CONCLUSION:- In case of JSW steel, the ratio sees a all time high in the third year (2022) , thereafter there is a sharp decline , indicating that majority of the EBIT goes towards Interest payment.

PROFITABILITY RATIO

By GAUTHAM A

EBT MARGIN

library(readxl)
library(gridExtra)
library(ggplot2)


#finding profitability ratio---------
#first EBT margin
jsw_pl <- read_excel("C:/R PROJECT VALUES/JSW_PL.xlsx")
jsw_pl<-as.data.frame(jsw_pl)

colnames(jsw_pl) <- make.names(colnames(jsw_pl))
colnames(jsw_pl) <- trimws(colnames(jsw_pl))

jsw_pl_long <- reshape(jsw_pl, 
                       varying = c("X2020", "X2021", "X2022", "X2023", "X2024"), 
                       v.names = "Amount", 
                       timevar = "Year",
                       times = c("2020","2021","2022","2023", "2024"),
                       direction = "long")
jsw_Rev_grp <- c("Revenue From Operations Gross",
                 "Less: Excise_Sevice Tax_Other Levies",
                 "Other Operating Revenues","Other Income")  
jsw_exp_grp <- c("Cost Of Materials Consumed","Cost of Power Purchased","Purchase Of Stock-In Trade",
                 "Cost Of Fuel","Operating And Direct Expenses","Changes In Inventories Of FG,WIP And Stock-In Trade",
                 "Employee Benefit Expenses","Finance Costs","Provisions and Contingencies","Depreciation And Amortisation Expenses",
                 "Other Expenses")      


sum_jsw_Rev_grp = tapply(jsw_pl_long$Amount[jsw_pl_long$items %in% jsw_Rev_grp], jsw_pl_long$Year[jsw_pl_long$items %in% jsw_Rev_grp], sum)
sum_jsw_exp_grp = tapply(jsw_pl_long$Amount[jsw_pl_long$items %in% jsw_exp_grp], jsw_pl_long$Year[jsw_pl_long$items %in% jsw_exp_grp], sum)
#finding the ebt ---------------------------------------------------
ebtj<- sum_jsw_Rev_grp - sum_jsw_exp_grp
data.frame(Year=names(ebtj),Total=unname(ebtj))
Year Total
2020 5601
2021 12582
2022 25437
2023 6968
2024 12141
#-------------------------------------------------------------------
#finding revenue----------------------------------------------------
jsw_pl <- read_excel("C:/R PROJECT VALUES/JSW_PL.xlsx")
jsw_pl<-as.data.frame(jsw_pl)

colnames(jsw_pl) <- make.names(colnames(jsw_pl))
colnames(jsw_pl) <- trimws(colnames(jsw_pl))

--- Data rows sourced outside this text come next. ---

(* Let $c_{\min}\le c_{\max}$ and $d_{\min}\le d_{\max}$ be integers, $T=\{c_{\min},\dots,c_{\max}\}\times\{d_{\min},\dots,d_{\max}\}$, $a:T\to[0,1]$ and $p:T\to\mathbb{R}$. For $(c,d),(c',d')\in T$ write $(c,d)\to(c',d')$ for the inequality $p_{c,d}-c\,a_{c,d}\ge p_{c',d'}-c\,a_{c',d'}$. Assume $a$ is monotonic: $a_{c,d}\ge a_{c',d'}$ whenever $c\le c'$ and $d\ge d'$. Suppose that for every $(c,d)\in T$ the adjacent constraints hold: $(c,d)\to(c+1,d)$ if $c<c_{\max}$, $(c,d)\to(c-1,d)$ if $c>c_{\min}$, and $(c,d)\to(c,d-1)$ if $d>d_{\min}$. Then for every $(c,d)\in T$: $(c,d)\to(c',d)$ holds for every $c'\in\{c_{\min},\dots,c_{\max}\}$, and $(c,d)\to(c,d')$ holds for every $d'\in\{d_{\min},\dots,d\}$.
   Context: $a_{c,d}$ is the interim winning probability and $p_{c,d}$ the expected payment of a bidder reporting type $(c,d)$ (cost $c$, predicted path duration $d$); a bidder of true cost $c$ winning with probability $a$ has expected cost $c\,a$. The inequality $(c,d)\to(c',d')$ is the incentive-compatibility constraint for a bidder of true type $(c,d)$ misreporting $(c',d')$. The ''adjacent'' constraints are those where the report differs from the true type by one unit in one coordinate. *)

From Stdlib Require Import Reals ZArith Lra Lia.
Open Scope R_scope.

Definition inT (cmin cmax dmin dmax c d : Z) : Prop :=
  (cmin <= c <= cmax)%Z /\ (dmin <= d <= dmax)%Z.

Definition ic (a p : Z -> Z -> R) (c d c' d' : Z) : Prop :=
  p c d - IZR c * a c d >= p c' d' - IZR c * a c' d'.

(* Any two adjacent constraints (c,d) -> (c1,d1) -> (c2,d2) compose to
   (c,d) -> (c2,d2) up to the error term (c1 - c)(a_{c1,d1} - a_{c2,d2}).
   Walking along a row away from c, monotonicity of a makes this term
   nonnegative at every step; walking down a column the cost is fixed, so it
   vanishes. *)

From Stdlib Require Import Reals ZArith Lra Lia.
Open Scope R_scope.

Lemma Z_bounded_ind_up (P : Z -> Prop) (lo hi : Z) :
  P lo -> (forall x, (lo <= x < hi)%Z -> P x -> P (x + 1)%Z) ->
  forall x, (lo <= x <= hi)%Z -> P x.
Proof.
  intros Hlo Hstep x Hx.
  assert (Hk : forall k, (0 <= k)%Z -> (lo + k <= hi)%Z -> P (lo + k)%Z).
  { apply (natlike_ind (fun k => (lo + k <= hi)%Z -> P (lo + k)%Z)).
    - now rewrite Z.add_0_r.
    - intros k Hk IH Hle.
      replace (lo + Z.succ k)%Z with (lo + k + 1)%Z by lia.
      apply Hstep; [lia | apply IH; lia]. }
  replace x with (lo + (x - lo))%Z by lia.
  apply Hk; lia.
Qed.

Lemma Z_bounded_ind_down (P : Z -> Prop) (lo hi : Z) :
  P hi -> (forall x, (lo < x <= hi)%Z -> P x -> P (x - 1)%Z) ->
  forall x, (lo <= x <= hi)%Z -> P x.
Proof.
  intros Hhi Hstep x Hx.
  assert (Hk : forall k, (0 <= k)%Z -> (lo <= hi - k)%Z -> P (hi - k)%Z).
  { apply (natlike_ind (fun k => (lo <= hi - k)%Z -> P (hi - k)%Z)).
    - now rewrite Z.sub_0_r.
    - intros k Hk IH Hle.
      replace (hi - Z.succ k)%Z with (hi - k - 1)%Z by lia.
      apply Hstep; [lia | apply IH; lia]. }
  replace x with (hi - (hi - x))%Z by lia.
  apply Hk; lia.
Qed.

Section Chaining.

Variables a p : Z -> Z -> R.

Lemma ic_refl c d : ic a p c d c d.
Proof. unfold ic; lra. Qed.

Lemma ic_trans c d c1 d1 c2 d2 :
  ic a p c d c1 d1 -> ic a p c1 d1 c2 d2 ->
  0 <= (IZR c1 - IZR c) * (a c1 d1 - a c2 d2) ->
  ic a p c d c2 d2.
Proof. unfold ic; nra. Qed.

Lemma ic_trans_same_cost c d d1 d2 :
  ic a p c d c d1 -> ic a p c d1 c d2 -> ic a p c d c d2.
Proof.
  intros H1 H2; apply (ic_trans _ _ _ _ _ _ H1 H2).
  rewrite Rminus_diag, Rmult_0_l; apply Rle_refl.
Qed.

Lemma ic_trans_cost_up c d x :
  (c <= x)%Z -> a (x + 1)%Z d <= a x d ->
  ic a p c d x d -> ic a p x d (x + 1)%Z d -> ic a p c d (x + 1)%Z d.
Proof.
  intros Hcx Ha H1 H2; apply (ic_trans _ _ _ _ _ _ H1 H2).
  assert (IZR c <= IZR x) by (apply IZR_le; exact Hcx); nra.
Qed.

Lemma ic_trans_cost_down c d x :
  (x <= c)%Z -> a x d <= a (x - 1)%Z d ->
  ic a p c d x d -> ic a p x d (x - 1)%Z d -> ic a p c d (x - 1)%Z d.
Proof.
  intros Hxc Ha H1 H2; apply (ic_trans _ _ _ _ _ _ H1 H2).
  assert (IZR x <= IZR c) by (apply IZR_le; exact Hxc); nra.
Qed.

End Chaining.

Section TypeSpace.

Variables (cmin cmax dmin dmax : Z) (a p : Z -> Z -> R).

Hypothesis Hmono : forall c d c' d', inT cmin cmax dmin dmax c d -> inT cmin cmax dmin dmax c' d' ->
  (c <= c')%Z -> (d' <= d)%Z -> a c d >= a c' d'.
Hypothesis Hup : forall c d, inT cmin cmax dmin dmax c d -> (c < cmax)%Z -> ic a p c d (c + 1)%Z d.
Hypothesis Hdown : forall c d, inT cmin cmax dmin dmax c d -> (cmin < c)%Z -> ic a p c d (c - 1)%Z d.
Hypothesis Hdd : forall c d, inT cmin cmax dmin dmax c d -> (dmin < d)%Z -> ic a p c d c (d - 1)%Z.

Lemma ic_cost_up c d : inT cmin cmax dmin dmax c d ->
  forall c', (c <= c' <= cmax)%Z -> ic a p c d c' d.
Proof.
  intros [Hc Hd]; apply Z_bounded_ind_up; [apply ic_refl |].
  intros x Hx IH; apply ic_trans_cost_up; [lia | | exact IH |].
  - apply Rge_le, Hmono; unfold inT; lia.
  - apply Hup; [unfold inT |]; lia.
Qed.

Lemma ic_cost_down c d : inT cmin cmax dmin dmax c d ->
  forall c', (cmin <= c' <= c)%Z -> ic a p c d c' d.
Proof.
  intros [Hc Hd]; apply Z_bounded_ind_down; [apply ic_refl |].
  intros x Hx IH; apply ic_trans_cost_down; [lia | | exact IH |].
  - apply Rge_le, Hmono; unfold inT; lia.
  - apply Hdown; [unfold inT |]; lia.
Qed.

Lemma ic_duration_down c d : inT cmin cmax dmin dmax c d ->
  forall d', (dmin <= d' <= d)%Z -> ic a p c d c d'.
Proof.
  intros [Hc Hd]; apply Z_bounded_ind_down; [apply ic_refl |].
  intros y Hy IH; apply (ic_trans_same_cost _ _ _ _ _ _ IH).
  apply Hdd; [unfold inT |]; lia.
Qed.

End TypeSpace.

Theorem lemma2 (cmin cmax dmin dmax : Z) (a p : Z -> Z -> R)
  (Hc : (cmin <= cmax)%Z) (Hd : (dmin <= dmax)%Z)
  (Ha01 : forall c d, inT cmin cmax dmin dmax c d -> 0 <= a c d <= 1)
  (Hmono : forall c d c' d', inT cmin cmax dmin dmax c d ->
      inT cmin cmax dmin dmax c' d' -> (c <= c')%Z -> (d' <= d)%Z ->
      a c d >= a c' d')
  (Hup : forall c d, inT cmin cmax dmin dmax c d -> (c < cmax)%Z ->
      ic a p c d (c + 1)%Z d)
  (Hdown : forall c d, inT cmin cmax dmin dmax c d -> (cmin < c)%Z ->
      ic a p c d (c - 1)%Z d)
  (Hdd : forall c d, inT cmin cmax dmin dmax c d -> (dmin < d)%Z ->
      ic a p c d c (d - 1)%Z) :
  forall c d, inT cmin cmax dmin dmax c d ->
    (forall c', (cmin <= c' <= cmax)%Z -> ic a p c d c' d) /\
    (forall d', (dmin <= d' <= d)%Z -> ic a p c d c d').
Proof.
  intros c d HT; split.
  - intros c' Hc'; destruct (Z.le_gt_cases c c').
    + apply (ic_cost_up cmin cmax dmin dmax); auto; lia.
    + apply (ic_cost_down cmin cmax dmin dmax); auto; lia.
  - exact (ic_duration_down cmin cmax dmin dmax a p Hdd c d HT).
Qed.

jsw_pl_long <- reshape(jsw_pl, 
                       varying = c("X2020", "X2021", "X2022", "X2023", "X2024"), 
                       v.names = "Amount", 
                       timevar = "Year",
                       times = c("2020","2021","2022","2023", "2024"),
                       direction = "long")

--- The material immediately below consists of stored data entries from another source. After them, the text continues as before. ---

(* If [p n = 0], the variation condition forces [amat p n k <= 0] for all [k <= n],
   hence [Psum p n <= 0]. *)
Lemma p_last_pos : 0 < p n.
Proof.
  pose proof (Psum_pos p n p_nonneg Psum_neq0) as HPpos.
  destruct (p_nonneg n) as [|Hpn]; [assumption|exfalso].
  set (b := fun k => amat p n k / w k).
  assert (Hbn : b n = 0) by (unfold b; rewrite amat_diag, <- Hpn; unfold Rdiv; ring).
  assert (Hvar : sum_lt (fun j => Rabs (b j - b (S j))) n <= 0).
  { eapply Rle_trans; [|eapply Rle_trans;
      [exact amat_variation_le|rewrite amat_diag, <- Hpn; unfold Rdiv; lra]].
    apply sum_lt_le. intros k _.
    rewrite <- (Rmult_1_l (Rabs (b k - b (S k)))).
    apply Rmult_le_compat_r; [apply Rabs_pos|apply w_ge1]. }
  assert (Hp0 : forall k, (k < S n)%nat -> p k <= 0).
  { intros k Hk. pose proof (le_sum_lt_variation b n k ltac:(lia)).
    assert (Hbk : b k <= 0) by lra.
    unfold b, amat in Hbk. rewrite (proj2 (Nat.leb_le k n)) in Hbk by lia.
    pose proof (w_pos k). assert (0 < Psum p n * w k) by (apply Rmult_lt_0_compat; lra).
    replace (p k) with (p k / Psum p n / w k * (Psum p n * w k)) by (field; lra).
    nra. }
  assert (Psum p n <= 0).
  { unfold Psum. apply Rle_trans with (sum_lt (fun _ => 0) (S n)).
    - apply sum_lt_le. exact Hp0.
    - right. clear. induction (S n) as [|m IH]; simpl; [|rewrite IH]; ring. }
  lra.
Qed.

Lemma Rabs_mean_kernel_le_inv_sq u : 0 < u <= PI ->
  Rabs (mean_kernel p n u) <= 36 * (Kc + 1) * amat p n n / (u * u).
Proof.
  intros Hu. pose proof (sin_half_ge u ltac:(lra)) as Hs.
  set (s := sin (u / 2)) in *. set (a := amat p n n).
  assert (Ha : 0 <= a) by (unfold a; rewrite amat_diag; pose proof p_last_pos;
                           pose proof (Psum_pos p n p_nonneg Psum_neq0);
                           apply Rlt_le, Rdiv_lt_0_compat; lra).
  pose proof amat_variation_nonneg.
  assert (Habel := Rabs_sum_sin_half_odd_abel_le w w_pos w_nondecreasing (amat p n) u n
                     ltac:(fold s; lra)).
  rewrite <- mean_kernel_sin_half in Habel. fold s a in Habel.
  rewrite Rabs_mult, (Rabs_right (2 * s)), (Rabs_right a) in Habel by lra.
  assert (Hks : 2 * s * Rabs (mean_kernel p n u) <= 2 / s * ((Kc + 1) * a)).
  { eapply Rle_trans; [exact Habel|]. apply Rmult_le_compat_l.
    - apply Rlt_le, Rdiv_lt_0_compat; lra.
    - fold a in amat_variation_le. lra. }
  assert (Hk : Rabs (mean_kernel p n u) <= (Kc + 1) * a * / (s * s)).
  { apply Rmult_le_reg_l with (2 * s); [lra|].
    replace (2 * s * ((Kc + 1) * a * / (s * s))) with (2 / s * ((Kc + 1) * a))
      by (field; lra).
    exact Hks. }
  eapply Rle_trans; [exact Hk|].
  replace (36 * (Kc + 1) * a / (u * u)) with ((Kc + 1) * a * / (u * u / 36)) by (field; lra).
  apply Rmult_le_compat_l; [fold a in amat_variation_le; nra|].
  apply Rinv_le_contravar; nra.
Qed.

End VariationCondition.

(** * Order of approximation *)

Section KernelIntegral.

Variables (g Kf : R -> R) (M A B al de : R).
Hypothesis g_cont : forall x, continuous g x.
Hypothesis Kf_cont : forall x, continuous Kf x.
Hypothesis M_ge0 : 0 <= M.
Hypothesis A_ge0 : 0 <= A.
Hypothesis B_ge0 : 0 <= B.
Hypothesis al_pos : 0 < al.
Hypothesis de_pos : 0 < de.
Hypothesis de_le_PI : de <= PI.
Hypothesis g_le : forall u, 0 < u -> Rabs (g u) <= M * Rpower u al.
Hypothesis Kf_le_inv : forall u, 0 < u <= PI -> Rabs (Kf u) <= A / u.
Hypothesis Kf_le_inv_sq : forall u, 0 < u <= PI -> Rabs (Kf u) <= B * de / (u * u).

Let h u := Rabs (g u * Kf u).

Let h_cont x : continuous h x.
Proof. unfold h. solve_continuous. Qed.

Let h_le_Rpower k (C : R) : 0 <= C ->
  (forall u, 0 < u <= PI -> Rabs (Kf u) <= C / u ^ k) ->
  forall u, 0 < u <= PI -> h u <= M * C * Rpower u (al - INR k).
Proof.
  intros HC HK u Hu. unfold h. rewrite Rabs_mult, Rpower_minus_nat by lra.
  replace (M * C * (Rpower u al / u ^ k)) with (M * Rpower u al * (C / u ^ k))
    by (field; apply pow_nonzero; lra).
  apply Rmult_le_compat; [apply Rabs_pos|apply Rabs_pos|apply g_le; lra|apply HK, Hu].
Qed.

Lemma RInt_abs_mul_near_le : RInt h 0 de <= M * A / al * Rpower de al.
Proof.
  apply RInt_le_Rpower_singular; [exact h_cont|apply Rmult_le_pos; assumption|lra|exact de_pos|].
  intros u Hu. replace (al - 1) with (al - INR 1) by (simpl; ring).
  apply h_le_Rpower; [exact A_ge0| |lra].
  intros v Hv. rewrite pow_1. apply Kf_le_inv, Hv.
Qed.

Let h_le_far u : de < u < PI -> h u <= M * (B * de) * Rpower u (al - INR 2).
Proof.
  intros Hu. apply h_le_Rpower; [apply Rmult_le_pos; lra| |lra].
  intros v Hv. replace (v ^ 2) with (v * v) by ring. apply Kf_le_inv_sq, Hv.
Qed.

Lemma RInt_abs_mul_far_le_lt1 : al < 1 -> RInt h de PI <= M * B / (1 - al) * Rpower de al.
Proof.
  intros Hal. pose proof PI_RGT_0.
  eapply Rle_trans.
  { apply (RInt_le_is_RInt h (fun u => M * (B * de) * Rpower u (al - 1 - 1)));
      [exact de_le_PI|solve_continuous| |].
    - intros u Hu. replace (al - 1 - 1) with (al - INR 2) by (simpl; ring). apply h_le_far, Hu.
    - apply (is_RInt_scal (fun u => Rpower u (al - 1 - 1))), is_RInt_Rpower; lra. }
  replace (Rpower de al) with (de * Rpower de (al - 1))
    by (replace (al - 1) with (al - INR 1) by (simpl; ring);
        rewrite Rpower_minus_nat, pow_1 by exact de_pos; field; lra).
  pose proof (exp_pos ((al - 1) * ln PI)). fold (Rpower PI (al - 1)) in *.
  unfold scal; simpl; unfold mult; simpl.
  replace (M * (B * de) * ((Rpower PI (al - 1) - Rpower de (al - 1)) / (al - 1)))
    with (M * B / (1 - al) * (de * Rpower de (al - 1)) - M * B * de / (1 - al) * Rpower PI (al - 1))
    by (field; lra).
  assert (0 <= M * B * de / (1 - al) * Rpower PI (al - 1)).
  { apply Rmult_le_pos; [apply Rmult_le_pos|lra].
    - apply Rmult_le_pos; [apply Rmult_le_pos|]; lra.
    - left; apply Rinv_0_lt_compat; lra. }
  lra.
Qed.

Lemma RInt_abs_mul_far_le_eq1 : al = 1 -> RInt h de PI <= M * B * (de * ln (PI / de)).
Proof.
  intros Hal. pose proof PI_RGT_0.
  rewrite ln_div by lra.
  apply (RInt_le_is_RInt h (fun u => M * (B * de) * / u)); [exact de_le_PI|solve_continuous| |].
  - intros u Hu. replace (/ u) with (Rpower u (al - INR 2))
      by (rewrite Rpower_minus_nat, Hal, Rpower_1 by lra; field; lra).
    apply h_le_far, Hu.
  - replace (M * B * (de * (ln PI - ln de))) with (scal (M * (B * de)) (ln PI - ln de))
      by (unfold scal; simpl; unfold mult; simpl; ring).
    apply (is_RInt_scal Rinv), is_RInt_inv; lra.
Qed.

Lemma RInt_abs_mul_le_lt1 : al < 1 ->
  RInt h 0 PI <= M * (A / al + B / (1 - al)) * Rpower de al.
Proof.
  intros Hal. rewrite <- (RInt_Chasles_R h 0 de PI) by exact h_cont.
  pose proof RInt_abs_mul_near_le. pose proof (RInt_abs_mul_far_le_lt1 Hal).
  replace (M * (A / al + B / (1 - al)) * Rpower de al)
    with (M * A / al * Rpower de al + M * B / (1 - al) * Rpower de al) by (field; lra).
  lra.
Qed.

Lemma RInt_abs_mul_le_eq1 : al = 1 -> de <= 1 ->
  RInt h 0 PI <= M * (A + B) * (de * ln (PI / de)).
Proof.
  intros Hal Hde1. rewrite <- (RInt_Chasles_R h 0 de PI) by exact h_cont.
  pose proof RInt_abs_mul_near_le as Hnear. pose proof (RInt_abs_mul_far_le_eq1 Hal).
  rewrite Hal, Rpower_1, Rdiv_1 in Hnear by exact de_pos.
  assert (Hln : 1 <= ln (PI / de)).
  { rewrite <- ln_exp at 1. apply ln_le; [apply exp_pos|].
    pose proof exp_le_3. pose proof PI2_3_2.
    apply Rle_trans with PI; [lra|].
    unfold Rdiv. rewrite <- (Rmult_1_r PI) at 1. apply Rmult_le_compat_l; [lra|].
    rewrite <- Rinv_1. apply Rinv_le_contravar; lra. }
  assert (M * A * de <= M * A * (de * ln (PI / de))).
  { rewrite <- (Rmult_1_r de) at 1. apply Rmult_le_compat_l; [apply Rmult_le_pos; lra|].
    apply Rmult_le_compat_l; lra. }
  lra.
Qed.

End KernelIntegral.

Section MeanError.

Variables (f : R -> R) (p w : nat -> R) (M Kc al : R).
Hypothesis f_cont : forall t, continuous f t.
Hypothesis f_periodic : forall t, f (t + 2 * PI) = f t.
Hypothesis al_range : 0 < al <= 1.
Hypothesis f_lip : forall delta, 0 < delta -> forall h x,
  Rabs h <= delta -> Rabs (f (x + h) - f x) <= M * Rpower delta al.
Hypothesis p_nonneg : forall k, 0 <= p k.
Hypothesis Psum_neq0 : forall n, Psum p n <> 0.
Hypothesis w_ge1 : forall k, 1 <= w k.
Hypothesis w_nondecreasing : forall k, w k <= w (S k).
Hypothesis amat_variation_le : forall n,
  sum_lt (fun k => w k * Rabs (amat p n k / w k - amat p n (S k) / w (S k))) n
  <= Kc * amat p n n.

Let M_nonneg : 0 <= M.
Proof.
  pose proof (f_lip 1 Rlt_0_1 0 0 ltac:(rewrite Rabs_R0; lra)) as H.
  unfold Rpower in H. rewrite ln_1, Rmult_0_r, exp_0, Rmult_1_r in H.
  pose proof (Rabs_pos (f (0 + 0) - f 0)). lra.
Qed.

Let Kc_nonneg : 0 <= Kc.
Proof.
  pose proof (p_last_pos p w 0 Kc p_nonneg (Psum_neq0 0) w_ge1 (amat_variation_le 0)).
  pose proof (Psum_pos p 0 p_nonneg (Psum_neq0 0)).
  pose proof (amat_variation_nonneg p w 0 w_ge1).
  pose proof (amat_variation_le 0). rewrite amat_diag in *.
  assert (0 < p 0 / Psum p 0) by (apply Rdiv_lt_0_compat; lra). nra.
Qed.

Let amat_diag_range n : 0 < amat p n n <= 1.
Proof.
  pose proof (p_last_pos p w n Kc p_nonneg (Psum_neq0 n) w_ge1 (amat_variation_le n)).
  pose proof (Psum_pos p n p_nonneg (Psum_neq0 n)).
  rewrite amat_diag. split; [apply Rdiv_lt_0_compat; lra|].
  apply Rmult_le_reg_r with (Psum p n); [lra|].
  unfold Rdiv. rewrite Rmult_assoc, Rinv_l, Rmult_1_l, Rmult_1_r by lra.
  unfold Psum. simpl. pose proof (sum_lt_nonneg p n p_nonneg). lra.
Qed.

Let Rabs_Rmean_sub_le_of_halves n x E :
  (forall g, (forall t, continuous g t) -> (forall u, 0 < u -> Rabs (g u) <= M * Rpower u al) ->
     RInt (fun u => Rabs (g u * mean_kernel p n u)) 0 PI <= E) ->
  Rabs (Rmean p f n x - f x) <= 2 / PI * E.
Proof.
  intros HE. pose proof PI_RGT_0.
  eapply Rle_trans; [apply Rabs_Rmean_sub_le; auto|].
  assert (HE_minus : RInt (fun u => Rabs ((f (x + - u) - f x) * mean_kernel p n u)) 0 PI <= E).
  { apply HE; [solve_continuous|]. intros u Hu.
    apply f_lip; [exact Hu|]. rewrite Rabs_Ropp, Rabs_right; lra. }
  assert (HE_plus : RInt (fun u => Rabs ((f (x + u) - f x) * mean_kernel p n u)) 0 PI <= E).
  { apply HE; [solve_continuous|]. intros u Hu.
    apply f_lip; [exact Hu|]. rewrite Rabs_right; lra. }
  replace (2 / PI * E) with (/ PI * (E + E)) by (field; lra).
  apply Rmult_le_compat_l; [left; apply Rinv_0_lt_compat|]; lra.
Qed.

Lemma Rmean_error_lt1 n x : al < 1 ->
  Rabs (Rmean p f n x - f x) <=
  2 / PI * M * (3 / al + 36 * (Kc + 1) / (1 - al)) * Rpower (p n / Psum p n) al.
Proof.
  intros Hal. pose proof (amat_diag_range n). pose proof M_nonneg. pose proof Kc_nonneg.
  pose proof PI2_3_2.
  rewrite <- amat_diag.
  replace (2 / PI * M * (3 / al + 36 * (Kc + 1) / (1 - al)) * Rpower (amat p n n) al)
    with (2 / PI * (M * (3 / al + 36 * (Kc + 1) / (1 - al)) * Rpower (amat p n n) al))
    by ring.
  apply Rabs_Rmean_sub_le_of_halves. intros g Hg Hgle.
  apply (RInt_abs_mul_le_lt1 g (mean_kernel p n) M 3 (36 * (Kc + 1)) al (amat p n n));
    solve_continuous; try lra.
  - intros; apply Rabs_mean_kernel_le_inv; auto.
  - intros; apply (Rabs_mean_kernel_le_inv_sq p w); auto.
Qed.

Lemma Rmean_error_eq1 n x : al = 1 ->
  Rabs (Rmean p f n x - f x) <=
  2 / PI * M * (3 + 36 * (Kc + 1)) * (p n / Psum p n * ln (PI * Psum p n / p n)).
Proof.
  intros Hal. pose proof (amat_diag_range n). pose proof M_nonneg. pose proof Kc_nonneg.
  pose proof PI2_3_2.
  pose proof (p_last_pos p w n Kc p_nonneg (Psum_neq0 n) w_ge1 (amat_variation_le n)).
  replace (PI * Psum p n / p n) with (PI / (p n / Psum p n)) by (field; auto with real).
  rewrite <- amat_diag.
  replace (2 / PI * M * (3 + 36 * (Kc + 1)) * (amat p n n * ln (PI / amat p n n)))
    with (2 / PI * (M * (3 + 36 * (Kc + 1)) * (amat p n n * ln (PI / amat p n n))))
    by ring.
  apply Rabs_Rmean_sub_le_of_halves. intros g Hg Hgle.
  apply (RInt_abs_mul_le_eq1 g (mean_kernel p n) M 3 (36 * (Kc + 1)) al (amat p n n));
    solve_continuous; try lra.
  - intros; apply Rabs_mean_kernel_le_inv; auto.
  - intros; apply (Rabs_mean_kernel_le_inv_sq p w); auto.
Qed.

End MeanError.

Lemma Rpower_INR_succ_ge1 beta k : 0 <= beta -> 1 <= Rpower (INR (k + 1)) beta.
Proof.
  intros Hb. replace 1 with (Rpower 1 beta) at 1
    by (unfold Rpower; rewrite ln_1, Rmult_0_r; apply exp_0).
  apply Rle_Rpower_l; [exact Hb|]. split; [lra|apply (le_INR 1); lia].
Qed.

Lemma Rpower_INR_succ_le beta k : 0 <= beta ->
  Rpower (INR (k + 1)) beta <= Rpower (INR (S k + 1)) beta.
Proof.
  intros Hb. apply Rle_Rpower_l; [exact Hb|].
  split; [apply lt_0_INR|apply le_INR]; lia.
Qed.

jsw_Rev_grp <- c("Revenue From Operations Gross",
                 "Less: Excise_Sevice Tax_Other Levies",
                 "Other Operating Revenues","Other Income")
sum_jsw_Rev_grp = tapply(jsw_pl_long$Amount[jsw_pl_long$items %in% jsw_Rev_grp], jsw_pl_long$Year[jsw_pl_long$items %in% jsw_Rev_grp], sum)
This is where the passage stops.